ARA reconstructs the small intestinal protein expression profile and protects against radiation (4 Gy) via Hmgcs1 in mice. Hierarchical cluster analysis for the differential proteins (fold change ≤ 0.6 or > 1.67) in the small intestine of mice in three cohorts (Hmgcs1 red marked) (A, control vs 4 Gy; B, 4 Gy + ARA vs 4 Gy; n = 3 per cohort). KEGG pathway enrichment analysis (most inhibited green marked) of differentially expressed proteins in the three cohorts (C, 4 Gy vs control; D, 4 Gy + ARA vs 4 Gy). E Schematic representation of ursolic acid (UA) intervention with ARA treatment. Photographs (F) and weight (G) of the spleens were removed from mice in four cohorts (n = 5 per cohort). H Spleens and small intestine stained with H&E (× 200 magnification, congestion, yellow arrow; broken intestinal epithelium, black arrow) and AB-PAS (× 200 magnification, goblet cells, black arrow).
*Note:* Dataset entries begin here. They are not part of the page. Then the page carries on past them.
(* Let $X$ be a topological space, let $Y$ be a Urysohn space, let $S$ be a dense subset of $X$ and let $f:S\to Y$ be continuous. Then the following are equivalent: (1) $f$ has a continuous extension to $X$; (2) for every open set $V$ of $Y$ the set $X_{\theta}(f^{-1}(V))$ is open in $X$, and for every family $\{A_\beta\}$ of closed subsets of $Y$ with $\bigcap_\beta A_\beta=\emptyset$ one has $\bigcap_\beta\overline{f^{-1}(A_\beta)}=\emptyset$ (closures in $X$).
   Context: A Urysohn space is one in which any two distinct points have open neighborhoods with disjoint closures. $\mathcal N(x)$ is the set of open neighborhoods of $x$ in $X$. For $M\subseteq Y$, the $\theta$-closure $\mathrm{cl}_\theta M$ is the set of $y\in Y$ such that $\mathrm{cl}\,U\cap M\neq\emptyset$ for every open $U\ni y$. For $V\subseteq Y$, $X_\theta(f^{-1}(V))$ is the set of points $x\in X$ with $\bigcap\{\mathrm{cl}_\theta f(P\cap S):P\in\mathcal N(x)\}\subseteq V$. *)

From mathcomp Require Import all_boot all_order.
From mathcomp Require Import all_classical topology.
Set Implicit Arguments. Unset Strict Implicit. Unset Printing Implicit Defensive.
Local Open Scope classical_set_scope.

Definition urysohn_space (Y : topologicalType) : Prop :=
  forall y1 y2 : Y, y1 <> y2 ->
    exists U1 U2 : set Y, [/\ open U1, U1 y1, open U2, U2 y2 &
                         closure U1 `&` closure U2 = set0].

Definition theta_closure (Y : topologicalType) (M : set Y) : set Y :=
  [set y | forall U : set Y, open U -> U y -> closure U `&` M !=set0].

(* X_theta(f^{-1}(V)) for f : S -> Y, S ⊆ X (f given as a function on X,
   only its values on S matter). *)
Definition X_theta (X Y : topologicalType) (S : set X) (f : X -> Y) (V : set Y)
  : set X :=
  [set x | \bigcap_(P in [set P : set X | open P /\ P x])
             theta_closure (f @` (P `&` S)) `<=` V].

From mathcomp Require Import all_boot all_order.
From mathcomp Require Import all_classical topology.
Local Open Scope classical_set_scope.

(* Let K(x) be the theta-cluster set of f at x, the intersection over open
   neighbourhoods P of x of the theta-closures of f(P ∩ S), so that
   X_theta(f^-1(V)) = {x | K(x) ⊆ V}.  In a Urysohn space, a point towards
   which f converges at x is the only possible element of K(x).  The
   closed-family condition makes K(x) nonempty (apply it to the closures of
   the f(P ∩ S)) and at most a singleton (apply it to the disjoint closures of
   two Urysohn neighbourhoods).  So K(x) = {g x} for some g extending f, and
   then X_theta(f^-1(V)) = g^-1(V), which is open for all open V exactly when
   g is continuous.  Conversely a continuous extension g forces K(x) = {g x}. *)

Set Implicit Arguments.
Unset Strict Implicit.
Unset Printing Implicit Defensive.

Definition theta_cluster (X Y : topologicalType) (S : set X) (f : X -> Y)
    (x : X) : set Y :=
  \bigcap_(P in open_nbhs x) theta_closure (f @` (P `&` S)).

Definition empty_caps_preserved (X Y : topologicalType) (S : set X)
    (f : X -> Y) : Prop :=
  forall (I : Type) (A : I -> set Y), (forall i, closed (A i)) ->
    \bigcap_(i in [set: I]) A i = set0 ->
    \bigcap_(i in [set: I]) closure (S `&` f @^-1` A i) = set0.

Lemma closure_sub_theta_closure (Y : topologicalType) (M : set Y) :
  closure M `<=` theta_closure M.
Proof.
move=> y My U oU Uy; have [z [Mz Uz]] := My U (open_nbhs_nbhs (conj oU Uy)).
by exists z; split => //; apply: subset_closure.
Qed.

Lemma closure_open_dense (X : topologicalType) (S P : set X) :
  dense S -> open P -> P `<=` closure (P `&` S).
Proof.
move=> dS oP x Px B; rewrite nbhsE => -[O [oO Ox] OB].
have [z [[Oz Pz] Sz]] := dS (O `&` P) (ex_intro _ x (conj Ox Px)) (openI oO oP).
by exists z; split => //; apply: OB.
Qed.

Section ThetaCluster.
Variables (X Y : topologicalType) (S : set X) (f : X -> Y).

Lemma X_thetaE (V : set Y) : X_theta S f V = [set x | theta_cluster S f x `<=` V].
Proof. by []. Qed.

Lemma mem_theta_cluster (x : X) (y : Y) :
  (forall P U, open_nbhs x P -> open_nbhs y U ->
     exists2 z, (P `&` S) z & U (f z)) ->
  theta_cluster S f x y.
Proof.
move=> near_y P xP U oU Uy; have [z PSz Ufz] := near_y P U xP (conj oU Uy).
by exists (f z); split; [apply: subset_closure | exists z].
Qed.

Lemma theta_cluster_sub1 (x : X) (p : Y) : urysohn_space Y ->
  (forall U, open_nbhs p U -> exists2 P, open_nbhs x P & P `&` S `<=` f @^-1` U) ->
  theta_cluster S f x `<=` [set p].
Proof.
move=> uY cvg_p y Ky; apply: contrapT => yp.
have [U1 [U2 [oU1 U1y oU2 U2p U12]]] := uY _ _ yp.
have [P xP PSU2] := cvg_p U2 (conj oU2 U2p).
have [z [U1z [t PSt tz]]] := Ky P xP U1 oU1 U1y.
suff : (closure U1 `&` closure U2) z by rewrite U12.
by split => //; rewrite -tz; apply/subset_closure/PSU2.
Qed.

Lemma theta_cluster_closure (x : X) (y : Y) (U : set Y) :
  theta_cluster S f x y -> open_nbhs y U -> closure (S `&` f @^-1` closure U) x.
Proof.
move=> Ky [oU Uy] B; rewrite nbhsE => -[O xO OB].
have [z [Uz [t [Ot St] tz]]] := Ky O xO U oU Uy.
by exists t; split; [split; rewrite //= tz | apply: OB].
Qed.

Lemma theta_cluster_within_continuous (s : X) :
  urysohn_space Y -> {within S, continuous f} -> S s ->
  theta_cluster S f s = [set f s].
Proof.
move=> uY /subspace_continuousP fc Ss; apply/seteqP; split.
  apply: theta_cluster_sub1 => // U [oU Ufs].
  have := fc s Ss U (open_nbhs_nbhs (conj oU Ufs)).
  by rewrite nbhsE => -[P sP PU]; exists P => // z [Pz Sz]; apply: PU.
by move=> _ ->; apply: mem_theta_cluster => P U [_ Ps] [_ Ufs]; exists s.
Qed.

Section Extension.
Variables (g : X -> Y).
Hypotheses (gc : continuous g) (gf : forall s, S s -> g s = f s).

Lemma theta_cluster_extension (x : X) : urysohn_space Y -> dense S ->
  theta_cluster S f x = [set g x].
Proof.
move=> uY dS; apply/seteqP; split.
  apply: theta_cluster_sub1 => // U [oU Ugx].
  exists (g @^-1` U); first by split => //; apply: (proj1 (continuousP g) gc).
  by move=> z [Uz Sz]; rewrite /= -gf.
move=> _ ->; apply: mem_theta_cluster => P U [oP Px] [oU Ugx].
have oPU : open (P `&` g @^-1` U) by apply/openI/(proj1 (continuousP g) gc).
have [z [[Pz Ugz] Sz]] := dS _ (ex_intro _ x (conj Px Ugx)) oPU.
by exists z; rewrite // -gf.
Qed.

Lemma closure_preimage_extension (A : set Y) : closed A ->
  closure (S `&` f @^-1` A) `<=` g @^-1` A.
Proof.
move=> cA; rewrite closureE; apply: smallest_sub.
  exact: (proj1 (continuous_closedP g) gc).
by move=> s [Ss Afs]; rewrite /= gf.
Qed.

End Extension.

Lemma X_theta_preimage (g : X -> Y) (V : set Y) :
  (forall x, theta_cluster S f x = [set g x]) -> X_theta S f V = g @^-1` V.
Proof.
move=> Kg; rewrite X_thetaE; apply/seteqP; split => x /=; rewrite Kg.
  by apply.
by move=> Vgx _ ->.
Qed.

Section EmptyCaps.
Hypothesis caps : empty_caps_preserved S f.

Lemma empty_caps_preservedN (I : Type) (A : I -> set Y) (x : X) :
  (forall i, closed (A i)) -> (forall i, closure (S `&` f @^-1` A i) x) ->
  \bigcap_(i in [set: I]) A i !=set0.
Proof.
move=> cA xA; apply/set0P/eqP => A0.
by have := caps cA A0; rewrite -subset0; apply => i _; apply: xA.
Qed.

Lemma theta_cluster_neq0 (x : X) : dense S -> theta_cluster S f x !=set0.
Proof.
move=> dS.
pose A (P : {P : set X | open_nbhs x P}) := closure (f @` (sval P `&` S)).
have [|y Ay] := @empty_caps_preservedN _ A x (fun=> @closed_closure _ _).
  move=> [P [oP Px]]; apply: (closureS _ (closure_open_dense dS oP Px)).
  by move=> z [Pz Sz]; split => //; apply/subset_closure; exists z.
by exists y => P xP; apply: closure_sub_theta_closure (Ay (exist _ P xP) I).
Qed.

Lemma theta_cluster_subsingleton (x : X) (y1 y2 : Y) : urysohn_space Y ->
  theta_cluster S f x y1 -> theta_cluster S f x y2 -> y1 = y2.
Proof.
move=> uY Ky1 Ky2; apply: contrapT => y12.
have [U1 [U2 [oU1 U1y oU2 U2y U12]]] := uY _ _ y12.
pose A (b : bool) := closure (if b then U1 else U2).
have [|y Ay] := @empty_caps_preservedN _ A x (fun=> @closed_closure _ _).
  by case; [apply: theta_cluster_closure Ky1 _ | apply: theta_cluster_closure Ky2 _].
suff : (closure U1 `&` closure U2) y by rewrite U12.
by split; [apply: (Ay true) | apply: (Ay false)].
Qed.

Lemma theta_cluster_set1 : urysohn_space Y -> dense S ->
  exists g : X -> Y, forall x, theta_cluster S f x = [set g x].
Proof.
move=> uY dS; have [g Kg] := choice (fun x => theta_cluster_neq0 x dS).
exists g => x; apply/seteqP; split => [y Ky|_ ->] //.
exact: theta_cluster_subsingleton Ky (Kg x).
Qed.

End EmptyCaps.

End ThetaCluster.

Theorem corollary3p4 (X Y : topologicalType) (S : set X) (f : X -> Y) :
  urysohn_space Y -> dense S -> {within S, continuous f} ->
  ((exists g : X -> Y, continuous g /\ (forall s, S s -> g s = f s)) <->
   ((forall V : set Y, open V -> open (X_theta S f V)) /\
    (forall (I : Type) (A : I -> set Y), (forall i, closed (A i)) ->
       \bigcap_(i in [set: I]) A i = set0 ->
       \bigcap_(i in [set: I]) closure (S `&` f @^-1` A i) = set0))).
Proof.
move=> uY dS fc; split.
- move=> [g [gc gf]]; have Kg x := theta_cluster_extension gc gf x uY dS.
  split => [V oV | I A cA A0].
    by rewrite (X_theta_preimage _ Kg); apply: (proj1 (continuousP g) gc).
  rewrite -subset0 => x xA; suff : (\bigcap_(i in [set: I]) A i) (g x) by rewrite A0.
  move=> i Ii; exact: (closure_preimage_extension gc gf (cA i) (xA i Ii)).
- move=> [theta_open caps]; have [g Kg] := theta_cluster_set1 caps uY dS.
  exists g; split.
    by apply/continuousP => V oV; rewrite -(X_theta_preimage _ Kg); apply: theta_open.
  move=> s Ss; have : theta_cluster S f s (g s) by rewrite Kg.
  by rewrite theta_cluster_within_continuous.
Qed.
IL-6 (I), TNFα (J), Nrf2 (K), HO1 (L), ZO1 (M), occludin (N), and claudin1 (O) levels in the small intestine tissues of mice in the four cohorts assessed by q-PCR (n = 5 per cohort). P Small intestine stained with IHC (× 200 magnification, stained with antibodies, black arrow). *p < 0.05, **p < 0.01

Based on the above analyses, we re-evaluated the radioprotective function of ARA treatment by inhibiting the expression of Hmgcs1 via UA (Fig. 7E, Fig. S5D) [20]. Interestingly, compared with only ARA treatment, the irradiated mice with Hmgcs1 silencing and ARA replenishment exhibited worse hematopoietic system and small intestine injuries, higher inflammation, and oxidative stress (Fig. 7F–P), suggesting that ARA provided radioprotection possibly dependent on the Hmgcs1 target.